A parallel revolutionary development in usual linear optical microscopy was inspired by a seminal paper by Pendry (2000) and the following extraordinary progress in the optics of metamaterials. According to the Pendry’s idea of a flat “perfect lens” made from an artificial negative refractive index (meta)material, a high-resolution optical image could be obtained by amplified evanescent waves (surface plasmon polaritons) that live at the interface between the positive and negative index media. However, according to the original proposal, such an image would be observable only in the near-field of a perfect lens, and would require an auxiliary near-field microscope. Indeed, imaging of this kind had been reported in 2005 in two independent experiments performed by Zhang’s group from Berkeley (Fang et al., 2005) and Blaikie’s group from the Canterbury University in New Zealand (Melville and Blaikie, 2005). Nevertheless, until recently this technique was limited by the fact that magnification of the planar superlens is equal to 1.

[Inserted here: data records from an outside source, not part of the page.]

(* Fix a vertex v and follow the run of the algorithm.  When a cluster C is cut
   off the current set S, the edges from v to C are settled for good.  If v lies
   in C, every edge from v into S is settled at once, and v's error on S is at
   most 2/slack times its fractional error on S: an isolated pivot v is paid for
   by the large average of x over T_v; a pivot v by the thresholds alone; and
   v in T_u by the maximality of |T*_u|, which pays for the edges to T*_v.  If v
   is outside a non-singleton C, the small average of x over T_u pays for the
   edges from v to C.  The only uncharged errors come from isolated pivots u with
   x_vu <= alpha/4.  Each of them removes a vertex from the set N of such
   vertices, and at that moment |N| <= |T_u| <= (4/alpha) times the fractional
   error of v on S, so they cost at most (4/alpha) err(x)_v in total. *)

From HB Require Import structures.
From mathcomp Require Import all_boot all_order all_algebra.
From mathcomp Require Import reals.
From mathcomp Require Import lra.
Import Order.TTheory GRing.Theory Num.Theory.
Local Open Scope ring_scope.
Set Implicit Arguments. Unset Strict Implicit. Unset Printing Implicit Defensive.

Section SumsOverSubsets.
Variables (R : numDomainType) (T : finType).

Lemma sumr_le_subset (A B : {set T}) (f : T -> R) : A \subset B ->
  (forall w, w \in B -> 0 <= f w) -> \sum_(w in A) f w <= \sum_(w in B) f w.
Proof.
move=> AB f_ge0; rewrite [X in _ <= X](big_setID A) (setIidPr AB) lerDl.
by apply: sumr_ge0 => w; rewrite inE => /andP[_ /f_ge0].
Qed.

Lemma sum_indicator (A B : {set T}) (f : T -> R) : A \subset B ->
  \sum_(w in B) (if w \in A then f w else 0) = \sum_(w in A) f w.
Proof.
move=> AB; rewrite -big_mkcondr; apply: eq_bigl => w; rewrite andbC.
by case: (boolP (w \in A)) => // /(subsetP AB) ->.
Qed.

End SumsOverSubsets.

Section RunStructure.
Variables (R : realType) (V : finType) (x : V -> V -> R) (alpha gamma : R).

Lemma alg1_run_blocks_sub S P : alg1_run x alpha gamma S P ->
  forall B, B \in P -> B \subset S.
Proof.
elim=> {S P} [|S u P uS _ _ _ IH|S u P uS _ _ _ IH] B; first by rewrite in_nil.
- rewrite inE => /orP[/eqP->|/IH BS]; first by rewrite sub1set.
  exact: subset_trans BS (subsetDl _ _).
- rewrite inE => /orP[/eqP->|/IH BS]; last exact: subset_trans BS (subsetDl _ _).
  by rewrite subUset sub1set uS; apply/subsetP => w; rewrite inE => /andP[].
Qed.

Lemma alg1_run_same_cluster_out S P w z : alg1_run x alpha gamma S P ->
  (w \notin S) || (z \notin S) -> same_cluster P w z = false.
Proof.
move=> run wzS; apply/hasP => -[B /(alg1_run_blocks_sub run) /subsetP BS /andP[wB zB]].
by move: wzS; rewrite (BS _ wB) (BS _ zB).
Qed.

End RunStructure.

Section VertexError.
Variables (R : realType) (V : finType) (plus : rel V) (v : V).

Definition edge_err (y : V -> V -> R) (w : V) : R := if plus v w then y v w else 1 - y v w.

Definition err_on (y : V -> V -> R) (S : {set V}) : R := \sum_(w in S :\ v) edge_err y w.

(* The row at [v] of [x^C] for any clustering in which the cluster of [v] is [C]. *)
Definition x_block (C : {set V}) : V -> V -> R := fun _ w => if w \in C then 0 else 1.

Lemma err_frac_err_on y : err_frac plus y v = err_on y [set: V].
Proof.
rewrite /err_frac /err_on [in RHS](big_setID (Nplus plus v)) /=.
have -> : ([set: V] :\ v) :&: Nplus plus v = Nplus plus v.
  by apply/setP => w; rewrite !inE; case: (w != v).
have -> : ([set: V] :\ v) :\: Nplus plus v = Nminus plus v.
  by apply/setP => w; rewrite !inE; case: (w != v); case: (plus v w).
by congr (_ + _); apply: eq_bigr => w; rewrite inE /edge_err => /andP[_];
  [move=> -> | move=> /negbTE ->].
Qed.

Lemma err_on_split y (S C : {set V}) : C \subset S -> v \notin C ->
  err_on y S = \sum_(w in C) edge_err y w + err_on y (S :\: C).
Proof.
move=> CS vC; rewrite /err_on (big_setID C); congr (_ + _).
  apply: eq_bigl => w; rewrite !inE; case: (boolP (w \in C)) => wC; rewrite ?andbF //.
  by rewrite (subsetP CS _ wC) !andbT; apply/eqP => wv; rewrite -wv wC in vC.
by apply: eq_bigl => w; rewrite !inE; case: (w \in C); case: (w != v).
Qed.

Lemma edge_err_x_block_out (C : {set V}) w : w \notin C ->
  edge_err (x_block C) w = (plus v w)%:R.
Proof. by rewrite /edge_err /x_block => /negbTE ->; case: (plus v w); rewrite ?subrr. Qed.

Lemma edge_err_x_block_in (C : {set V}) w : w \in C ->
  edge_err (x_block C) w = (~~ plus v w)%:R.
Proof. by rewrite /edge_err /x_block => ->; case: (plus v w); rewrite ?subr0. Qed.

Variables (x : V -> V -> R) (alpha gamma : R).

Lemma err_on_run_in (S C : {set V}) P : alg1_run x alpha gamma (S :\: C) P -> v \in C ->
  err_on (x_of_clustering R (C :: P)) S = err_on (x_block C) S.
Proof.
move=> run vC; apply: eq_bigr => w _.
rewrite /edge_err /x_of_clustering /x_block /same_cluster /= vC /=.
by rewrite -/(same_cluster P v w) (alg1_run_same_cluster_out run) ?orbF // !inE vC.
Qed.

Lemma err_on_run_out (S C : {set V}) P : alg1_run x alpha gamma (S :\: C) P ->
  C \subset S -> v \notin C ->
  err_on (x_of_clustering R (C :: P)) S =
  \sum_(w in C) (plus v w)%:R + err_on (x_of_clustering R P) (S :\: C).
Proof.
move=> run CS vC; rewrite (err_on_split _ CS vC); congr (_ + _); apply: eq_bigr => w.
  move=> wC; rewrite /edge_err /x_of_clustering /same_cluster /= (negbTE vC) /=.
  rewrite -/(same_cluster P v w) (alg1_run_same_cluster_out run) ?inE ?wC ?orbT //.
  by case: (plus v w); rewrite ?subrr.
by rewrite /edge_err /x_of_clustering /same_cluster /= (negbTE vC).
Qed.

End VertexError.

Section Charging.
Variables (R : realType) (alpha gamma : R).

(* Every threshold comparison in the case analyses below leaves a margin of at
   least [slack], so each settled edge costs at most [slack^-1] times its
   fractional error. *)
Definition slack : R :=
  Num.min (Num.min gamma ((alpha - gamma) / 2)) (Num.min (1 / 2 - alpha) (alpha / 4)).

Hypotheses (gamma_gt0 : 0 < gamma) (gamma_lt_alpha : gamma < alpha)
  (alpha_lt_half : alpha < 1 / 2).

Lemma slack_bounds : [/\ 0 < slack, slack <= gamma, slack <= (alpha - gamma) / 2,
  slack <= 1 / 2 - alpha & slack <= alpha / 4].
Proof.
move: (gamma_gt0) (gamma_lt_alpha) (alpha_lt_half) => ? ? ?.
have h1 : 0 < (alpha - gamma) / 2 by lra.
have h2 : 0 < 1 / 2 - alpha by lra.
have h3 : 0 < alpha / 4 by lra.
by rewrite /slack !lt_min !ge_min !lexx ?orbT gamma_gt0 h1 h2 h3.
Qed.

Ltac param_lra :=
  have := slack_bounds;
  move: (gamma_gt0) (gamma_lt_alpha) (alpha_lt_half) => ? ? ? [? ? ? ? ?]; lra.

Lemma slack_gt0 : 0 < slack. Proof. by case: slack_bounds. Qed.

Lemma alpha_gt0 : 0 < alpha. Proof. by param_lra. Qed.

Lemma one_le_slack_inv_mul (t : R) : slack <= t -> 1 <= slack^-1 * t.
Proof. by rewrite ler_pdivlMl ?slack_gt0 // mulr1. Qed.

Lemma inv_alpha_le_slack_inv : alpha^-1 <= slack^-1.
Proof. by rewrite lef_pV2 ?posrE ?slack_gt0 //; param_lra. Qed.

Lemma slack_inv_mul_ge0 (t : R) : 0 <= t -> 0 <= slack^-1 * t.
Proof. by move=> t0; rewrite mulr_ge0 // invr_ge0 ltW // slack_gt0. Qed.

Variables (V : finType) (plus : rel V) (x : V -> V -> R).
Hypothesis x_frac : frac_clustering x.

Lemma x_sym u w : u != w -> x u w = x w u.
Proof. by case: x_frac => h _ _; apply: h. Qed.

Lemma x_ge0 u w : u != w -> 0 <= x u w.
Proof. by case: x_frac => _ h _ /h /andP[]. Qed.

Lemma x_le1 u w : u != w -> x u w <= 1.
Proof. by case: x_frac => _ h _ /h /andP[]. Qed.

Lemma x_triangle u w z : u != w -> w != z -> u != z -> x u z <= x u w + x w z.
Proof. by case: x_frac => _ _; apply. Qed.

Lemma in_Tset c (S : {set V}) u w :
  (w \in Tset x c S u) = [&& w \in S, w != u & x u w <= c].
Proof. by rewrite inE. Qed.

Variable v : V.

Local Notation edge_err := (edge_err plus v).
Local Notation err_on := (err_on plus v).
Local Notation x_block := (@x_block R V).

Lemma edge_err_ge0 w : w != v -> 0 <= edge_err x w.
Proof.
rewrite eq_sym => vw; rewrite /edge_err; case: (plus v w); first exact: x_ge0.
by rewrite subr_ge0 x_le1.
Qed.

Lemma err_on_ge0 S : 0 <= err_on x S.
Proof. by apply: sumr_ge0 => w; rewrite in_setD1 => /andP[/edge_err_ge0]. Qed.

Lemma plus_le_slack_inv_mul w : w != v -> slack <= x v w ->
  (plus v w)%:R <= slack^-1 * edge_err x w.
Proof.
rewrite eq_sym => vw xvw; rewrite /edge_err; case: (plus v w).
  exact: one_le_slack_inv_mul.
by apply: slack_inv_mul_ge0; rewrite subr_ge0 x_le1.
Qed.

Lemma edge_err_isolated_pivot (S : {set V}) w : w \in S :\ v ->
  edge_err (x_block [set v]) w <= 2 * (slack^-1 * edge_err x w) +
    (if w \in Tset x alpha S v then 1 - 2 / alpha * x v w else 0).
Proof.
rewrite in_setD1 => /andP[wv wS]; have vw : v != w by rewrite eq_sym.
have [x0 x1] := (x_ge0 vw, x_le1 vw).
rewrite in_Tset wS wv /= edge_err_x_block_out ?inE //.
case: (leP (x v w) alpha) => [xa | ax].
  rewrite /edge_err; case: (plus v w) => /=.
    have : 0 <= (slack^-1 - alpha^-1) * x v w.
      by apply: mulr_ge0; rewrite // subr_ge0 inv_alpha_le_slack_inv.
    nra.
  have : alpha^-1 * x v w <= 1.
    by rewrite ler_pdivrMl; [rewrite mulr1 | param_lra].
  have : 1 <= slack^-1 * (1 - x v w) by apply: one_le_slack_inv_mul; param_lra.
  nra.
have sx : slack <= x v w by param_lra.
have := slack_inv_mul_ge0 (edge_err_ge0 wv).
have := plus_le_slack_inv_mul wv sx; lra.
Qed.

Lemma err_isolated_pivot (S : {set V}) :
  alpha * #|Tset x alpha S v|%:R / 2 <= \sum_(w in Tset x alpha S v) x v w ->
  err_on (x_block [set v]) S <= 2 / slack * err_on x S.
Proof.
set T := Tset x alpha S v => avg.
have TS : T \subset S :\ v.
  by apply/subsetP => w; rewrite in_Tset !inE => /and3P[-> -> _].
rewrite /err_on; apply: le_trans (ler_sum _ (@edge_err_isolated_pivot S)) _.
rewrite big_split /= (sum_indicator _ TS) sumrB sumr_const -!mulr_sumr.
have : #|T|%:R <= 2 / alpha * \sum_(w in T) x v w.
  by rewrite mulrAC ler_pdivlMr; param_lra.
lra.
Qed.

Lemma edge_err_cluster_pivot (S : {set V}) w : w \in S :\ v ->
  edge_err (x_block (v |: Tset x alpha S v)) w <= slack^-1 * edge_err x w.
Proof.
rewrite in_setD1 => /andP[wv wS]; have vw : v != w by rewrite eq_sym.
have [x0 x1] := (x_ge0 vw, x_le1 vw).
have e0 := slack_inv_mul_ge0 (edge_err_ge0 wv).
have [xa | ax] := leP (x v w) alpha.
  rewrite edge_err_x_block_in; last by rewrite in_setU1 in_Tset wS wv xa orbT.
  have : 1 <= slack^-1 * (1 - x v w) by apply: one_le_slack_inv_mul; param_lra.
  by move: e0; rewrite /edge_err; case: (plus v w) => /=; lra.
rewrite edge_err_x_block_out; last by rewrite in_setU1 in_Tset (negbTE wv) leNgt ax !andbF.
by apply: plus_le_slack_inv_mul => //; param_lra.
Qed.

Lemma err_cluster_pivot (S : {set V}) :
  err_on (x_block (v |: Tset x alpha S v)) S <= 2 / slack * err_on x S.
Proof.
rewrite /err_on; apply: le_trans (ler_sum _ (@edge_err_cluster_pivot S)) _.
by rewrite -mulr_sumr; have := slack_inv_mul_ge0 (err_on_ge0 S); rewrite /err_on; lra.
Qed.

Lemma edge_err_cluster_member (S : {set V}) u w :
  v \in Tset x alpha S u -> w \in S :\ v ->
  edge_err (x_block (u |: Tset x alpha S u)) w <= slack^-1 * edge_err x w +
    (if ((alpha + gamma) / 2 < x u v) && (w \in Tset x gamma S v) then 1 else 0).
Proof.
rewrite in_Tset => /and3P[vS vu xuv]; rewrite in_setD1 => /andP[wv wS].
have uv : u != v by rewrite eq_sym.
have vw : v != w by rewrite eq_sym.
have [x0 x1] := (x_ge0 vw, x_le1 vw).
have e0 := slack_inv_mul_ge0 (edge_err_ge0 wv).
set i := (if _ then 1 else 0); have i0 : 0 <= i by rewrite /i; case: ifP.
case: (eqVneq w u) => [wu | wu].
  rewrite edge_err_x_block_in ?wu ?setU11 //.
  have : 1 <= slack^-1 * (1 - x v u).
    by apply: one_le_slack_inv_mul; rewrite (x_sym vu); param_lra.
  by move: e0; rewrite /edge_err wu; case: (plus v u) => /=; lra.
have uw : u != w by rewrite eq_sym.
have [xa | ax] := leP (x u w) alpha.
  rewrite edge_err_x_block_in; last by rewrite in_setU1 in_Tset wS wu xa orbT.
  have : 1 <= slack^-1 * (1 - x v w).
    apply: one_le_slack_inv_mul.
    by have := x_triangle vu uw vw; rewrite (x_sym vu); param_lra.
  by move: e0; rewrite /edge_err; case: (plus v w) => /=; lra.
rewrite edge_err_x_block_out; last by rewrite in_setU1 in_Tset (negbTE wu) leNgt ax !andbF.
have [sx | xs] := leP slack (x v w).
  by have := plus_le_slack_inv_mul wv sx; lra.
(* Then [x u v] is large by the triangle inequality, and [w] is one of the
   vertices of [Tset x gamma S v] paid for by the maximality of the pivot. *)
have tri := x_triangle uv vw uw.
have -> : i = 1.
  by rewrite /i ifT //; apply/andP; split; [|rewrite in_Tset wS wv /=]; param_lra.
have : (plus v w)%:R <= 1 :> R by rewrite lern1 leq_b1.
lra.
Qed.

Optical microscopy is one of the oldest research tools. It dates back to 1609 when Galileo Galilei developed an occhiolino, or compound microscope with a convex and a concave lens. Although various electron and scanning probe microscopes have long surpassed it in resolving power, optical microscopy remains invaluable in many fields of science. The reason for the limited resolution of an optical microscope is diffraction and, ultimately, the uncertainty principle: a wave cannot be localized much tighter than half of its vacuum wavelength, λ∕2. Immersion microscopes introduced by Abbe in the 19th century have slightly improved resolution on the order of λ∕2n because of the shorter wavelength of light, λ∕n, in a medium with refractive index, n. However, immersion microscopes are limited by the small range of refractive indices, n, of available transparent materials. For a while it was believed that the only way to achieve nanometer-scale spatial resolution in an optical microscope is to detect evanescent optical waves in very close proximity to a studied sample using a scanning near-field optical microscope (Phol and Courjon, 1993). Although many fascinating results are being obtained with near-field optics, such microscopes are not as versatile and convenient to use as regular far-field optical microscopes. For example, an image of a near-field optical microscope is obtained by point-by-point scanning, which is an indirect and a rather slow process.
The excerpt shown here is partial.